_TASK OBJECTIVE_.
From the entries, copy each line that includes "backward".

_INPUT FOR THIS TASK_.
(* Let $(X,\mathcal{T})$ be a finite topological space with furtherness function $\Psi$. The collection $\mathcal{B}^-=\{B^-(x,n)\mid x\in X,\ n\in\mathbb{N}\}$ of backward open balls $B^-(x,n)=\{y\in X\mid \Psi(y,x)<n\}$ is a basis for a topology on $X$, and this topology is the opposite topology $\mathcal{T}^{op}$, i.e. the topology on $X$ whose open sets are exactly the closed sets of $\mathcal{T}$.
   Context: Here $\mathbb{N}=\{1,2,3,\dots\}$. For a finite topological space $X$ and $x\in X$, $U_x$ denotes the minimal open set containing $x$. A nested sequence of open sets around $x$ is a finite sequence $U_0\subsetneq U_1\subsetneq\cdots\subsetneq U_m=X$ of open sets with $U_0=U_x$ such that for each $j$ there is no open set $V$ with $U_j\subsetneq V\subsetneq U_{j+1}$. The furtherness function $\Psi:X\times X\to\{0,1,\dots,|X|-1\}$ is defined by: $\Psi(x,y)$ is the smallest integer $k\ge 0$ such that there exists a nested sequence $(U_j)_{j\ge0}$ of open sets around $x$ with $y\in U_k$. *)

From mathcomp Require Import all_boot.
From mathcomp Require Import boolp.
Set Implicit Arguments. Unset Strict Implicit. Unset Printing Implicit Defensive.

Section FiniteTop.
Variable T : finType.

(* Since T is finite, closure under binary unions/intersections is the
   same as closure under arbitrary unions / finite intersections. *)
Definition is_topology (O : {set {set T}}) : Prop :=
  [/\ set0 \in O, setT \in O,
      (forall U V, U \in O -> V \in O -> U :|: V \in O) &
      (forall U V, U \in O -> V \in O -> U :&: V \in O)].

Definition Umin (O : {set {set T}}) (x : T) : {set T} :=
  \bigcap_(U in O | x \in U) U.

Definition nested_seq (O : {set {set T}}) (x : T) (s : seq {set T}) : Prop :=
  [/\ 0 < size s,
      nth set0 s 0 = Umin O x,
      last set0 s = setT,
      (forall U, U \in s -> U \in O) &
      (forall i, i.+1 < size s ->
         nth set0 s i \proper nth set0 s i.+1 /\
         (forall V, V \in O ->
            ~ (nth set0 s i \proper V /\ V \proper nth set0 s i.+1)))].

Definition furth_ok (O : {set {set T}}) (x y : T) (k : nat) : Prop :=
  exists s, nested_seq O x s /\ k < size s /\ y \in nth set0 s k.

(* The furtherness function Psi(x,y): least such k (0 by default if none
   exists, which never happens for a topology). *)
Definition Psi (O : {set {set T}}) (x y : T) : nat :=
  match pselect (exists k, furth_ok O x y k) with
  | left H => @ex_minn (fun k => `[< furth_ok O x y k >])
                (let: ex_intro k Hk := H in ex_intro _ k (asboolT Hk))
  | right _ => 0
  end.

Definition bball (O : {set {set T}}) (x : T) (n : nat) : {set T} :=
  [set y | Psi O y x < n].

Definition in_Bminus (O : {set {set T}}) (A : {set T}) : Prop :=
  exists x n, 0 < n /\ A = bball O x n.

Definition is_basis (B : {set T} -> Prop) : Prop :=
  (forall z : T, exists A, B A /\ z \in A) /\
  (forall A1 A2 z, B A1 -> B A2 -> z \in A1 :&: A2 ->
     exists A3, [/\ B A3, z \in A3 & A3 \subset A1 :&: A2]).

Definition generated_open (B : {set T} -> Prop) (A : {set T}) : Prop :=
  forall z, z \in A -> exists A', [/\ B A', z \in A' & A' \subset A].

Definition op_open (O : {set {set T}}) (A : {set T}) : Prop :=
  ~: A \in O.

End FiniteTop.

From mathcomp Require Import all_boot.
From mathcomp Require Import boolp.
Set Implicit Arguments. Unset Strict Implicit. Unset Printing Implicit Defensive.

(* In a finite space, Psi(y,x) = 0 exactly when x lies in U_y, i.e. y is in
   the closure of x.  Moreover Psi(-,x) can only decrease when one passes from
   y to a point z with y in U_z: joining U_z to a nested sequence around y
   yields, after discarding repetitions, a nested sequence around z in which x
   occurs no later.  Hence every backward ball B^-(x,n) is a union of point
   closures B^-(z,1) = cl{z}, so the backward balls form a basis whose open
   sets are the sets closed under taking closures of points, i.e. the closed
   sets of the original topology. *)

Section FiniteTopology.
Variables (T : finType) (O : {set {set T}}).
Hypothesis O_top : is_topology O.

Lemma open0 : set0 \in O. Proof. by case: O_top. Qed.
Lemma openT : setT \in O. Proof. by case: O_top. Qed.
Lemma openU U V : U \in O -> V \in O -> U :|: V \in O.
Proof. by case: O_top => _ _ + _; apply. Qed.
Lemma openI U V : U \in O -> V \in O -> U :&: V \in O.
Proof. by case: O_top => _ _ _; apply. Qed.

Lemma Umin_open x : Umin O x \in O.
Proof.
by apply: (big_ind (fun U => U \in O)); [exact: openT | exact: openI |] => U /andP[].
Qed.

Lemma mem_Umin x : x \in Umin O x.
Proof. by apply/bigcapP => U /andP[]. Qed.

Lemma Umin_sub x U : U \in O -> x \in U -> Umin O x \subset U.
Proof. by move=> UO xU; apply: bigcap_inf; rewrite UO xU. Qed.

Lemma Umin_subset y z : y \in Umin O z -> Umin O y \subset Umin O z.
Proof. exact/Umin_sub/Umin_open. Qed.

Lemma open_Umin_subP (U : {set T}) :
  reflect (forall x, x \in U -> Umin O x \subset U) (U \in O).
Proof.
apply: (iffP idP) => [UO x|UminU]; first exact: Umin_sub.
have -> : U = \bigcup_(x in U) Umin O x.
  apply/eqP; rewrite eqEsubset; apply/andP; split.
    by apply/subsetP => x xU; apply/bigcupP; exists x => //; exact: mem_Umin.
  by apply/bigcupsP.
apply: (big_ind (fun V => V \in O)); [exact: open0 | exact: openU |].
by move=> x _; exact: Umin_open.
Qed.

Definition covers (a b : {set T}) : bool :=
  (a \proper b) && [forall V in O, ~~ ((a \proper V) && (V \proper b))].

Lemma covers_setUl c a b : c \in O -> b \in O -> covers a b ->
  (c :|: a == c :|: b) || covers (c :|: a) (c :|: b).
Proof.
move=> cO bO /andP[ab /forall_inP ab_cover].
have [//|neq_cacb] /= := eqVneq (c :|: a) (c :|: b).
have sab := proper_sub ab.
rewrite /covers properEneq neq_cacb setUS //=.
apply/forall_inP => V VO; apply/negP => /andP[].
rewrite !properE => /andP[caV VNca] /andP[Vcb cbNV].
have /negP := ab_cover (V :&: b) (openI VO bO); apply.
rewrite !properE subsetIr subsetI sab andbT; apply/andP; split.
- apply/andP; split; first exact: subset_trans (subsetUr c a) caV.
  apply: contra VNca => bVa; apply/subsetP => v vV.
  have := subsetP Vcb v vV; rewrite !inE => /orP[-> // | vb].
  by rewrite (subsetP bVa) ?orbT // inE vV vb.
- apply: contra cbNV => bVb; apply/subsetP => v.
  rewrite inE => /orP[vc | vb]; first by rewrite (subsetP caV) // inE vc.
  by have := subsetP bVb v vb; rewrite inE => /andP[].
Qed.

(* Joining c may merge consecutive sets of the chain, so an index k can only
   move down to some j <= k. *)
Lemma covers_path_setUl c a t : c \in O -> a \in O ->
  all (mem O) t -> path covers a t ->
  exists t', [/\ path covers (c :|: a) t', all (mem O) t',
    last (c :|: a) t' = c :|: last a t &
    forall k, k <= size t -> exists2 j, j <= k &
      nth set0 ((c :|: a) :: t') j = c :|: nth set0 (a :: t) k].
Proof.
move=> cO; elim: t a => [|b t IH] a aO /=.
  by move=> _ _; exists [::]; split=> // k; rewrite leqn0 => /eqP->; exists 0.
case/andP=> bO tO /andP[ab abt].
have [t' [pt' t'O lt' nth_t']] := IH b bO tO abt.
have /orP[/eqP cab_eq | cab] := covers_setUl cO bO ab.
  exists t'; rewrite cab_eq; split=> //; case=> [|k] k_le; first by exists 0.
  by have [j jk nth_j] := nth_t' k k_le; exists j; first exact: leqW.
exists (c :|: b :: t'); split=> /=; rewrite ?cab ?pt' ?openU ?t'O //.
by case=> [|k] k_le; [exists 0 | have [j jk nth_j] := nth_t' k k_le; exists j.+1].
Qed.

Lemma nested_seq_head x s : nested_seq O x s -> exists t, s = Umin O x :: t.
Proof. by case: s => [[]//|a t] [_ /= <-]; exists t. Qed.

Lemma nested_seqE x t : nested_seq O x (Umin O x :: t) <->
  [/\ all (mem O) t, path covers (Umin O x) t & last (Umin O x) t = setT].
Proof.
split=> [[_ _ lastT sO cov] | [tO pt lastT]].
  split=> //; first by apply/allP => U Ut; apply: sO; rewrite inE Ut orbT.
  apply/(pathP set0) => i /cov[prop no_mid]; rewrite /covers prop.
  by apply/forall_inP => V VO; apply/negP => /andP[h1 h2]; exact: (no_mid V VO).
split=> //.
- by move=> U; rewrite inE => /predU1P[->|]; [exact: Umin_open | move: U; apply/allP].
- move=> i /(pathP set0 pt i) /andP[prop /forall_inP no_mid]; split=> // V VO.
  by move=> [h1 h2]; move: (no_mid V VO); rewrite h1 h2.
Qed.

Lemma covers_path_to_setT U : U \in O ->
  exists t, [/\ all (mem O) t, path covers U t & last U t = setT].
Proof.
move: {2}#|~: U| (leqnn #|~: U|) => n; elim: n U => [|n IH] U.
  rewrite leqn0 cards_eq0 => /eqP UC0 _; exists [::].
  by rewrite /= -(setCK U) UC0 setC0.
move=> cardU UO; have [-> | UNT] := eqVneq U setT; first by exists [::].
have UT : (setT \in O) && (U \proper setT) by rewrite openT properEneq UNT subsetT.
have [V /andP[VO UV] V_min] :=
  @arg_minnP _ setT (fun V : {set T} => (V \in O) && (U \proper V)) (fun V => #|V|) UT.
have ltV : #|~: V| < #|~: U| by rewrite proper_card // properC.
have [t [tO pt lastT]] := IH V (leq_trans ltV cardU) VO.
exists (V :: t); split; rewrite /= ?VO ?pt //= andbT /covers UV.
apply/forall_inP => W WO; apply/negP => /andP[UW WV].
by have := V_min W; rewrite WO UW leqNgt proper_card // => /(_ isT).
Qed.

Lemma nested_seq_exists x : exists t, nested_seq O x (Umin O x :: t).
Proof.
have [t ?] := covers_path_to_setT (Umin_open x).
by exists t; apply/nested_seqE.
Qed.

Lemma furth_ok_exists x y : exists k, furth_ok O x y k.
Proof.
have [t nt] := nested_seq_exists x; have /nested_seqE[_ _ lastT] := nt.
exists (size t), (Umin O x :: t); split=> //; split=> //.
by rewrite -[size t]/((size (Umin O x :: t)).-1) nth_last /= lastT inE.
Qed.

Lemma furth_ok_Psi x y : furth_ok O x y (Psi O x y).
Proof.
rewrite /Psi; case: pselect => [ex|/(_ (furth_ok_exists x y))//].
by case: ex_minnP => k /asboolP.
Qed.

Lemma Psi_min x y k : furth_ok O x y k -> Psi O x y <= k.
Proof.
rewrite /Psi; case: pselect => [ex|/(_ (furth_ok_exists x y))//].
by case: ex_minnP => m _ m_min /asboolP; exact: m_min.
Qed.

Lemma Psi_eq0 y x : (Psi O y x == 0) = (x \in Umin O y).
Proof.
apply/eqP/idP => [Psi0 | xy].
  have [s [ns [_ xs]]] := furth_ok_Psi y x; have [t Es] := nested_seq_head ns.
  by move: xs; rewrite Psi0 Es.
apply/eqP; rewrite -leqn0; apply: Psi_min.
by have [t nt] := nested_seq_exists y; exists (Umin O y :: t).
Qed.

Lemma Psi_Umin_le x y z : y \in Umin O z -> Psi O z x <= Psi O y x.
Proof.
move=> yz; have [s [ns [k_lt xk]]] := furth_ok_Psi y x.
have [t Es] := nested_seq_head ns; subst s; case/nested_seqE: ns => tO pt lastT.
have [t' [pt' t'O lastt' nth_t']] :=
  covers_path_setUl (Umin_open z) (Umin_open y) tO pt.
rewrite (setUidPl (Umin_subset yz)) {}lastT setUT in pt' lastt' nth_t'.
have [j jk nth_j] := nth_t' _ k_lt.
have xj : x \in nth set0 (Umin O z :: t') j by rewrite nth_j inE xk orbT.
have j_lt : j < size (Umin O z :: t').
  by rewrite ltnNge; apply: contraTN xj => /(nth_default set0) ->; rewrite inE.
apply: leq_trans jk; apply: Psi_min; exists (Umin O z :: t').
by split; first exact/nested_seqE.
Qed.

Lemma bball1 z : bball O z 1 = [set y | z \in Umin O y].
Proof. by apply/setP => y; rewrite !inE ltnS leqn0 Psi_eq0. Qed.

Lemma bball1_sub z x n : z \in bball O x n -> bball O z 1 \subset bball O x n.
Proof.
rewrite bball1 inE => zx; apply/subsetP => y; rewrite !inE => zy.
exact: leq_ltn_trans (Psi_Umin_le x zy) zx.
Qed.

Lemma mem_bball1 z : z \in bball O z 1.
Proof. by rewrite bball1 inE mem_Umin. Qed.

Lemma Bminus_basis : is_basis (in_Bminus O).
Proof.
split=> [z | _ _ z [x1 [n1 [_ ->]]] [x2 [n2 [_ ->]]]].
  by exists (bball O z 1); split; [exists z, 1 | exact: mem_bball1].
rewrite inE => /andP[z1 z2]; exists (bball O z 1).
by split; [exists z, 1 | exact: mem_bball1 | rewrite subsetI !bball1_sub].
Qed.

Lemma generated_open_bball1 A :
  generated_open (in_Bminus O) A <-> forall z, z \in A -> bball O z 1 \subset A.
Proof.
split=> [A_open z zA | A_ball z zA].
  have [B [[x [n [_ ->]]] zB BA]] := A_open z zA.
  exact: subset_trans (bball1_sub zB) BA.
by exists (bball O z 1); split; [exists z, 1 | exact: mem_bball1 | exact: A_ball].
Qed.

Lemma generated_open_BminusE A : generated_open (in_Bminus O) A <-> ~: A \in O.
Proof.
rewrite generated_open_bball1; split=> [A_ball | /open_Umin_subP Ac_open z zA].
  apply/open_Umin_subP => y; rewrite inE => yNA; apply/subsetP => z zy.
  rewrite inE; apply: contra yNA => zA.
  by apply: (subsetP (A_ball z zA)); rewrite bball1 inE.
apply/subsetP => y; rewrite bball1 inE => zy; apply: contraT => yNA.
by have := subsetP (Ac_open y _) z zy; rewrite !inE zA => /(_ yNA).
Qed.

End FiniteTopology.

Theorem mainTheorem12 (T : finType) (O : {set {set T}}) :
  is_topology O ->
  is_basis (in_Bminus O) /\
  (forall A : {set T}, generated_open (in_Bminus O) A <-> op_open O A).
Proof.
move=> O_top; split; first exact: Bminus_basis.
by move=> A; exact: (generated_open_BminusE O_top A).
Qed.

_WRITTEN SOLUTION_.
(* Let $(X,\mathcal{T})$ be a finite topological space with furtherness function $\Psi$. The collection $\mathcal{B}^-=\{B^-(x,n)\mid x\in X,\ n\in\mathbb{N}\}$ of backward open balls $B^-(x,n)=\{y\in X\mid \Psi(y,x)<n\}$ is a basis for a topology on $X$, and this topology is the opposite topology $\mathcal{T}^{op}$, i.e. the topology on $X$ whose open sets are exactly the closed sets of $\mathcal{T}$.
   occurs no later.  Hence every backward ball B^-(x,n) is a union of point
   closures B^-(z,1) = cl{z}, so the backward balls form a basis whose open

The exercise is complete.